According to the Journal, Coatue is investing approximately $3 billion in a strategic round that includes both new and existing investors. A term sheet has been finalized, with the deal expected to conclude later this summer; neither the fund nor the company has offered public comments on the matter.
Strategic funding rounds like this serve two beneficial purposes simultaneously. They strengthen a balance sheet for infrastructure and acquisition spending while allowing early employees and investors to liquidate some of their holdings without the disclosures required by public markets.
The valuation caps a significant upward trajectory for Databricks. The company secured a $5 billion round at a valuation of $134 billion in February, along with $2 billion in debt, marking a considerable increase from the $62 billion valuation it had in a $10 billion Series J round just over a year ago.
Interim discussions had suggested valuations between $165 billion and $175 billion, meaning the $188 billion valuation exceeds even the highest estimates.
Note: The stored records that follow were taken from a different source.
(* In the model described in the context, there exist parameters $\rho,q$ with $1>\rho>q>0$, a distribution $(\pi^{(0,0)},\pi^{(0,1)},\pi^{(1,0)},\pi^{(1,1)})$ of $(\tilde y_0^+,\tilde y_0^-)$ with $\pi^{(1,0)}<1$, and two label-flip probabilities $\nu_1\neq\nu_2$ in $[0,\tfrac12)$ such that, for each $j\in\{1,2\}$ (with $\nu=\nu_j$), there exists $m\ge2$ with $\Pr(W_2)<\Pr(W_1)$, and the smallest $m_0(\nu_j)$ such that $\Pr(W_2)>\Pr(W_1)$ for all $m\ge m_0(\nu_j)$ satisfies $m_0(\nu_1)\neq m_0(\nu_2)$. (For instance $\rho=0.15$, $q=0.01$, $\pi^{(1,0)}=0.55^2$, $\pi^{(0,1)}=0.45^2$, $\pi^{(0,0)}=\pi^{(1,1)}=0.55\cdot0.45$, $\nu\in\{0.05,0.2\}$.)
   Context: Model. Fix an integer $m\ge 2$, and reals $1>\rho>q>0$, $0\le\nu<\tfrac12$. A sample consists of ground-truth labels $y_0,y_1,\dots,y_m\in\{0,1\}$ and noisy labels $\tilde y_0,\dots,\tilde y_m\in\{0,1\}$. Given $y_0$, the labels $y_1,\dots,y_m$ are conditionally independent with $\Pr(y_i=1\mid y_0=1)=\rho$ and $\Pr(y_i=1\mid y_0=0)=q$ for $i\in\{1,\dots,m\}$. For $i\in\{1,\dots,m\}$, $\tilde y_i = 1-y_i$ with probability $\nu$ and $\tilde y_i=y_i$ otherwise, the flips being independent of each other and of everything else. We draw one positive sample (superscript $+$, with $y_0^+=1$) and one negative sample (superscript $-$, with $y_0^-=0$) independently. The pair $(\tilde y_0^+,\tilde y_0^-)\in\{0,1\}^2$ has an arbitrary distribution, independent of all $y_i^\pm,\tilde y_i^\pm$ with $i\ge1$; write $\pi^{(u,v)}:=\Pr(\tilde y_0^+=u,\tilde y_0^-=v)$. Fix $\delta>0$. For each sample set $\bar s_{0,i} := \max(\tilde y_0,\tilde y_i)+\delta\min(\tilde y_0,\tilde y_i)$ for $i=1,\dots,m$, and let $\bar r_1\ge \bar r_2$ be the largest and second largest elements of $\{\bar s_{0,1},\dots,\bar s_{0,m}\}$ (as a multiset). For $k\in\{1,2\}$, $\Pr(W_k) := \Pr(\bar r_k^+>\bar r_k^-) + \tfrac12\Pr(\bar r_k^+=\bar r_k^-)$. *)

From HB Require Import structures.
From mathcomp Require Import all_boot all_order all_algebra.
Set Implicit Arguments. Unset Strict Implicit. Unset Printing Implicit Defensive.
Import Order.TTheory GRing.Theory Num.Theory.
Local Open Scope ring_scope.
This represents nearly a tripling of its paper value in just 18 months, placing Databricks among a select group of private companies whose valuations now surpass various mid-cap publicly traded firms, all without the quarterly scrutiny of a stock exchange.
A $188 billion private valuation conveys a message more than it serves as a price; it indicates that large investors prefer to hold the company outside of public markets rather than waiting for its public debut. Essentially, scarcity is fulfilling a role that revenue typically would.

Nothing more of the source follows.